[Data items]
________________________
(* Comparing the invariant with Δ_k >= ‖g(x_k)‖²/(2M) bounds the streak by C,
   as long as x_k is not a minimizer. *)
Lemma null_streak_le k : g (x k) != 0 -> (null_streak k)%:R <= null_ratio.
Proof.
move=> g0; set s := (null_streak k)%:R.
have G0 := enorm_gt0 g0; set G := enorm (g (x k)) in G0.
have M0 := Msc_gt0; have r0 := rho_gt0; have b0 := beta_gt0; have b1 := beta_lt1.
have L0 := L_ge0; have rp := rate_gt0; have s0 : 0 <= s := ler0n R _.
have hs : 1 + s * rate <= Msc / rho.
  have := le_trans (ler_wpM2r _ (gap_lower_grad k)) (streak_invariant_all k).
  rewrite -/s -/G => /(_ ltac:(nra)).
  rewrite (_ : G ^+ 2 / (2 * rho) = G ^+ 2 / (2 * Msc) * (Msc / rho)); last first.
    by field; rewrite !gt_eqF.
  by rewrite ler_pM2l //; apply: divr_gt0; [apply: exprn_gt0 | lra].
have : s <= 16 * L * Msc / (rho ^+ 2 * (1 - beta)).
  have -> : 16 * L * Msc / (rho ^+ 2 * (1 - beta)) = (Msc / rho - 1) / rate.
    by rewrite /rate /Msc; field; rewrite !gt_eqF //; lra.
  by rewrite ler_pdivlMr //; lra.
move/le_trans; apply.
rewrite /null_ratio /Msc ler_pdivlMr; last by apply: mulr_gt0; apply: exprn_gt0; lra.
have -> : 16 * L * (2 * L + rho) / (rho ^+ 2 * (1 - beta)) * ((1 - beta) ^+ 2 * rho ^+ 3)
  = 16 * (L * (2 * L + rho) * rho * (1 - beta)) by field; rewrite !gt_eqF //; lra.
rewrite ler_pM2l; last lra.
have X0 : 0 <= L * (2 * L + rho) * rho by apply: mulr_ge0; [apply: mulr_ge0 => //; lra | lra].
have q1 : 0 <= L * L * L by apply: mulr_ge0 => //; apply: mulr_ge0.
have q2 : 0 <= L * rho * rho by apply: mulr_ge0 => //; [apply: mulr_ge0 => //; lra| lra].
have q3 : 0 <= rho * rho * rho by apply: mulr_ge0; [apply: mulr_ge0|]; lra.
have q4 : 0 <= L * L * rho by apply: mulr_ge0 => //; [apply: mulr_ge0| lra].
have -> : (L + rho) ^+ 3 = (L + rho) * (L + rho) * (L + rho) by ring.
by nra.
Qed.

Variables (mu p eps : R) (Phi : R -> R).
Hypotheses (growth : forall y, mu * powR (dist y Xstar) p <= f y - fstar)
  (eps_gt0 : 0 < eps) (Phi_drop : descent_potential mu p rho beta eps Phi)
  (Phi_above : forall a, eps < a -> Phi eps < Phi a).

Definition Delta0 := f (x 0) - fstar.

Definition above_eps k := forall j, (j <= k)%N -> eps < f (x j) - fstar.

Lemma above_eps_pred k : above_eps k.+1 -> above_eps k.
Proof. by move=> h j hj; apply: h; apply: leqW. Qed.

Lemma g_nonzero k : above_eps k -> g (x k) != 0.
Proof.
move=> /(_ k (leqnn k)) hk; apply/eqP => g0.
case: fstar_min => _ [w hw].
by have := zero_subgradient_min (g_sub (x k)) g0 w; have := eps_gt0; lra.
Qed.

Lemma potential_descents k : above_eps k ->
  Phi (f (x k) - fstar) <= Phi Delta0 - (descents k)%:R.
Proof.
elim: k => [|k IH] hk; first by rewrite /descents /n_descent /= subr0.
have {}IH := IH (above_eps_pred hk).
rewrite descentsS natrD.
have [hd|hn] := boolP (is_descent k); last by rewrite (null_center hn) addr0.
rewrite /= mulr1n; have := Phi_drop (hk k.+1 (leqnn _)) (dist_Xstar_ge0 (x k)) (growth (x k))
  (descent_decrease hd) (fun t ht => gap_lower_dist k ht).
by lra.
Qed.

Lemma descents_lt k : above_eps k -> (descents k)%:R < Phi Delta0 - Phi eps.
Proof.
move=> hk; have := potential_descents hk.
by have := Phi_above (hk k (leqnn k)); lra.
Qed.

(* The null steps so far number at most C per descent step (each closing a
   streak of length <= C) plus the current streak. *)
Lemma nulls_le k : above_eps k ->
  (nulls k)%:R <= null_ratio * (descents k)%:R + (null_streak k)%:R.
Proof.
elim: k => [|k IH] hk; first by rewrite /nulls /n_null /= mulr0 addr0.
have {}IH := IH (above_eps_pred hk).
have hs := null_streak_le (g_nonzero (above_eps_pred hk)).
rewrite nullsS descentsS /= !natrD.
by case: (is_descent k) => /=; rewrite ?natr0 ?natr1 -?natr1; lra.
Qed.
________________________
◆ What needs to be done ◆
Search the data for the string "move". List each line that has it.

◆ Expected output ◆
move=> g0; set s := (null_streak k)%:R.
move/le_trans; apply.
Proof. by move=> h j hj; apply: h; apply: leqW. Qed.
move=> /(_ k (leqnn k)) hk; apply/eqP => g0.
move=> hk; have := potential_descents hk.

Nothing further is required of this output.